Requirements and Responsibilities of an Executor

Mar 02

When someone passes away, the fate of their life accumulations lands essentially in the hands of one person: the executor of their will. Problems that can arise when honoring a will and managing estate. Because of this, Chicago probate lawyers often hope that the will appoints a capable executor.

To be determined an “appropriate” personal representative for a will, you have to posses one of the following factors: over 18 and the decedent’s spouse, adult child, parent, or sibling, a person entitled to property of the decedent, or the person who was named as personal representative by the will.
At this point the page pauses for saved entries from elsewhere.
(* In the setting of the context, let $\phi:F(G)\to\coprod_A G_\lambda$ be the unique homomorphism with $\phi(g)=g$ for all $g\in G$ (it is surjective and $1$-Lipschitz from $(F(G),d_F)$ to $(\coprod_A G_\lambda,\underline d)$), let $\mathfrak N=\ker\phi$, and let $d_0$ be the factor metric on $F(G)/\mathfrak N$. Then the isomorphism $F(G)/\mathfrak N\to\coprod_A G_\lambda$ induced by $\phi$ is an isometry from $(F(G)/\mathfrak N,d_0)$ onto $(\coprod_A G_\lambda,\underline d)$.
   Context: Setting: $(G_\lambda,d_\lambda)_{\lambda\in\Lambda}$ are groups with two-sided invariant metrics, $A$ is a common subgroup closed in every $G_\lambda$, $G_{\lambda_1}\cap G_{\lambda_2}=A$ for $\lambda_1\ne\lambda_2$, all $d_\lambda$ agree on $A$; $G=\bigcup_\lambda G_\lambda$ with the amalgam metric $d$ ($d=d_\lambda$ on $G_\lambda$; $d(f_1,f_2)=\inf_{a\in A}\{d_{\lambda_1}(f_1,a)+d_{\lambda_2}(a,f_2)\}$ if $f_1\in G_{\lambda_1}$, $f_2\in G_{\lambda_2}$ are not in a common $G_\lambda$), and $\underline d$ is the Graev metric on $\coprod_A G_\lambda$: $\underline d(f_1,f_2)=\inf\{\sum_i d(\alpha_1(i),\alpha_2(i)) : |\alpha_1|=|\alpha_2|,\ \hat\alpha_i=f_i\}$ over words in the alphabet $G$, $\hat\alpha$ being the product of the letters. Graev metric on free groups: for a pointed metric space $(X,e,d)$, let $X^{-1}$ be a set of formal inverses with $e^{-1}=e$, $X\cap X^{-1}=\{e\}$, and $\overline X=X\cup X^{-1}$ with metric $d(x^{-1},y^{-1})=d(x,y)$, $d(x,y^{-1})=d(x,e)+d(e,y)$ for $x,y\in X$. $F(X)$ is the free group on $X\setminus\{e\}$ (with $e$ interpreted as the identity); for a word $u$ over $\overline X$, $\hat u\in F(X)$ is its evaluation. For words $u,v$ of equal length $\rho(u,v)=\sum_i d(u(i),v(i))$, and $d_F(f,g)=\inf\{\rho(u,v):|u|=|v|,\hat u=f,\hat v=g\}$; this is a two-sided invariant metric on $F(X)$. Here $X=G$ pointed at the identity $e$ with the amalgam metric $d$. Factor metric: for a group $H$ with two-sided invariant metric $\delta$ and closed normal subgroup $N$, $d_0(g_1N,g_2N)=\inf\{\delta(g_1h_1,g_2h_2):h_1,h_2\in N\}$. *)

From Stdlib Require Import Reals List Relations ClassicalEpsilon.
Open Scope R_scope.
(* Let $k\ge 1$, $n\ge 2$ and $\mathbf C=(c_0,\dots,c_k)\in\{0,1\}^{k+1}$. Let $\mathbf H_n=(h_0,\dots,h_k)$ with $h_\beta=\binom{k}{\beta}\sum_{j=1}^{n-1}\frac{1}{j^\beta}$, and $\mathbf H_n\mathbf C^T=\sum_{\beta=0}^k h_\beta c_\beta$. For $1\le m\le n$ define $$O_{\mathbf C\max}(n,m+c_k-1)=\frac{(n-1)!^k}{(m-1)!}\,(\mathbf H_n\mathbf C^T)^{m-1}\prod_{i=1}^{n-m}F_{i+1}(\mathbf C').$$ Then $O_{\mathbf C\max}(n,m+c_k-1)\ge O_{\mathbf C}(n,m+c_k-1)$ for all $1\le m\le n$.
   Context: Fix integers $k\ge 1$, $n\ge 1$ and $\mathbf C=(c_0,c_1,\dots,c_k)\in\{0,1\}^{k+1}$; put $\mathbf C'=(1,\dots,1)-\mathbf C$. Consider $k$-tuples $(\pi_1,\dots,\pi_k)$ of permutations of $\{1,\dots,n\}$. A position $\alpha$ is a record of a permutation $\pi$ if $\pi(\alpha)<\pi(\alpha')$ for every $\alpha'<\alpha$ (position $1$ is always a record); equivalently records index the minimal elements of the points $(\alpha,\pi(\alpha))$ under strict componentwise domination. For a tuple, let $l_\alpha$ be the number of $\beta\in\{1,\dots,k\}$ for which $\alpha$ is a record of $\pi_\beta$ (so $l_1=k$). The $\mathbf C$ sequential optimization set of the tuple is $S=\{\alpha:c_{l_\alpha}=1\}$, with weight $|S|$. For an integer $m$, $O_{\mathbf C}(n,m)$ is the number of $k$-tuples whose weight equals $m$. For $j\ge 2$ and $X=(x_0,\dots,x_k)\in\mathbb R^{k+1}$, $F_j(X)=\sum_{\beta=0}^k\binom{k}{\beta}\frac{x_\beta}{(j-1)^\beta}$. Empty products equal $1$. *)

From HB Require Import structures.
From mathcomp Require Import all_boot all_order all_algebra all_fingroup.
Unset Printing Implicit Defensive.
Import Order.TTheory GRing.Theory Num.Theory.

(* Positions and values {1..n} are encoded as 'I_n = {0..n-1} (order-preserving shift). *)

Definition is_record (n : nat) (pi : {perm 'I_n}) (a : 'I_n) : bool :=
  [forall a' : 'I_n, (a' < a)%N ==> (pi a < pi a')%N].

Definition ptuple (k n : nat) := {ffun 'I_k -> {perm 'I_n}}.

Definition lcount (k n : nat) (t : ptuple k n) (a : 'I_n) : nat :=
  #|[set b : 'I_k | is_record n (t b) a]|.

Definition optset (k n : nat) (C : {ffun 'I_k.+1 -> bool}) (t : ptuple k n) : {set 'I_n} :=
  [set a : 'I_n | C (inord (lcount k n t a))].

Definition weight (k n : nat) (C : {ffun 'I_k.+1 -> bool}) (t : ptuple k n) : nat :=
  #|optset k n C t|.

Definition O_C (k n : nat) (C : {ffun 'I_k.+1 -> bool}) (m : nat) : nat :=
  #|[set t : ptuple k n | weight k n C t == m]|.

Local Open Scope ring_scope.

Definition Fj (k j : nat) (X : 'I_k.+1 -> rat) : rat :=
  \sum_(b < k.+1) ('C(k, nat_of_ord b))%:R * X b / ((j - 1)%:R ^+ b).

Definition Cprime (k : nat) (C : {ffun 'I_k.+1 -> bool}) : 'I_k.+1 -> rat :=
  fun b => 1 - (C b)%:R.

Definition hcoef (k n : nat) (b : 'I_k.+1) : rat :=
  ('C(k, nat_of_ord b))%:R * \sum_(1 <= j < n) (((j%:R : rat) ^+ (nat_of_ord b))^-1).

Definition HC (k n : nat) (C : {ffun 'I_k.+1 -> bool}) : rat :=
  \sum_(b < k.+1) @hcoef k n b * (C b)%:R.

Definition O_Cmax (k n : nat) (C : {ffun 'I_k.+1 -> bool}) (m : nat) : rat :=
  ((n.-1)`! ^ k)%:R / ((m.-1)`!)%:R * @HC k n C ^+ (m.-1)
  * \prod_(1 <= i < (n - m).+1) @Fj k i.+1 (Cprime k C).

(* A k-tuple of permutations of n+1 points is a k-tuple of permutations of n points extended
   by a last position, whose value in the beta-th permutation has some rank v_beta in 0..n.
   The new position is a record of pi_beta iff v_beta = 0, and the old records are unchanged,
   so its l is the number of zeros of v.  Counting the v with b zeros, 'C(k, b) n^(k-b), gives
   O_C(n+1, w) = n^k (F_{n+1}(C) O_C(n, w-1) + F_{n+1}(C') O_C(n, w)).  The first position is
   a record of every permutation, whence the shift by c_k.  Induction on this recursion, using
   X^(j+1) + (j+1) x X^j <= (X + x)^(j+1) and that F_i(C') decreases in i, yields
   O_C(n, j + c_k) j! <= (n-1)!^k (H_n C^T)^j prod_(i=2)^(n-j) F_i(C'). *)

From HB Require Import structures.
From mathcomp Require Import all_boot all_order all_algebra all_fingroup.
From mathcomp Require Import zify ring.
Import Order.TTheory GRing.Theory Num.Theory.

Lemma ltn_bump2 h i j : (bump h i < bump h j)%N = (i < j)%N.
Proof. by rewrite !ltnNge leq_bump2. Qed.

Lemma card_set_sum (T : finType) (P : pred T) : #|[set x | P x]| = \sum_x P x.
Proof. by rewrite -sum1dep_card big_mkcond; apply: eq_bigr => x _; case: (P x). Qed.

Lemma inord_max n : inord n = ord_max :> 'I_n.+1.
Proof. by apply: val_inj; rewrite /= inordK. Qed.

Section FiberCount.

Variables (I J : finType) (y : J).

Lemma card_ffun_fiber (Z : {set I}) :
  #|[set f : {ffun I -> J} | [set i | f i == y] == Z]| = #|J|.-1 ^ #|~: Z|.
Proof.
pose F i := if i \in Z then pred1 y else predC1 y.
have -> : [set f : {ffun I -> J} | [set i | f i == y] == Z] = [set f in family F].
  apply/setP => f; rewrite !inE; apply/eqP/familyP => [f_Z i|f_F].
    by rewrite /F -f_Z inE; case: eqP => [->|/eqP]; rewrite !inE ?eqxx.
  by apply/setP => i; move: (f_F i); rewrite /F !inE; case: (i \in Z) => // /negbTE.
rewrite cardsE card_family foldrE big_image /= (bigID (mem Z)) /=.
rewrite big1 ?mul1n; last by move=> i i_Z; rewrite /F i_Z card1.
rewrite (eq_bigr (fun=> #|J|.-1)); last by move=> i /negbTE i_Z; rewrite /F i_Z cardC1.
by rewrite prod_nat_const; congr (_ ^ _); apply: eq_card => i; rewrite !inE.
Qed.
Once identified, the executor is responsible for properly managing the will. This includes “Distributing assets according to the will, maintaining property until the estate is settled, paying bills for the estate, paying taxes on the estate, [and] making court appearances for the estate.” Overall, these encompass controlling the estate as a whole, and trickle all the way down to settling what beneficiaries receive certain objects of the decedent.

It is important for an executor to uphold a will so that beneficiaries don’t dispute the estate, to protect the estate, avoid tax liabilities, and other factors. Estate litigation can be testy when the legitimacy of a will is contested, or beneficiaries argue over its content and outcome. Personal representatives aim to uphold the will and secure the welfare of the decedent’s legacy.

Becoming an executor entails a weighted responsibility. However, honoring the estate of someone who has passed away is necessary and rewarding. Deciphering elements of probate litigation can be confusing, however adept lawyers are equipped to swiftly provide aid.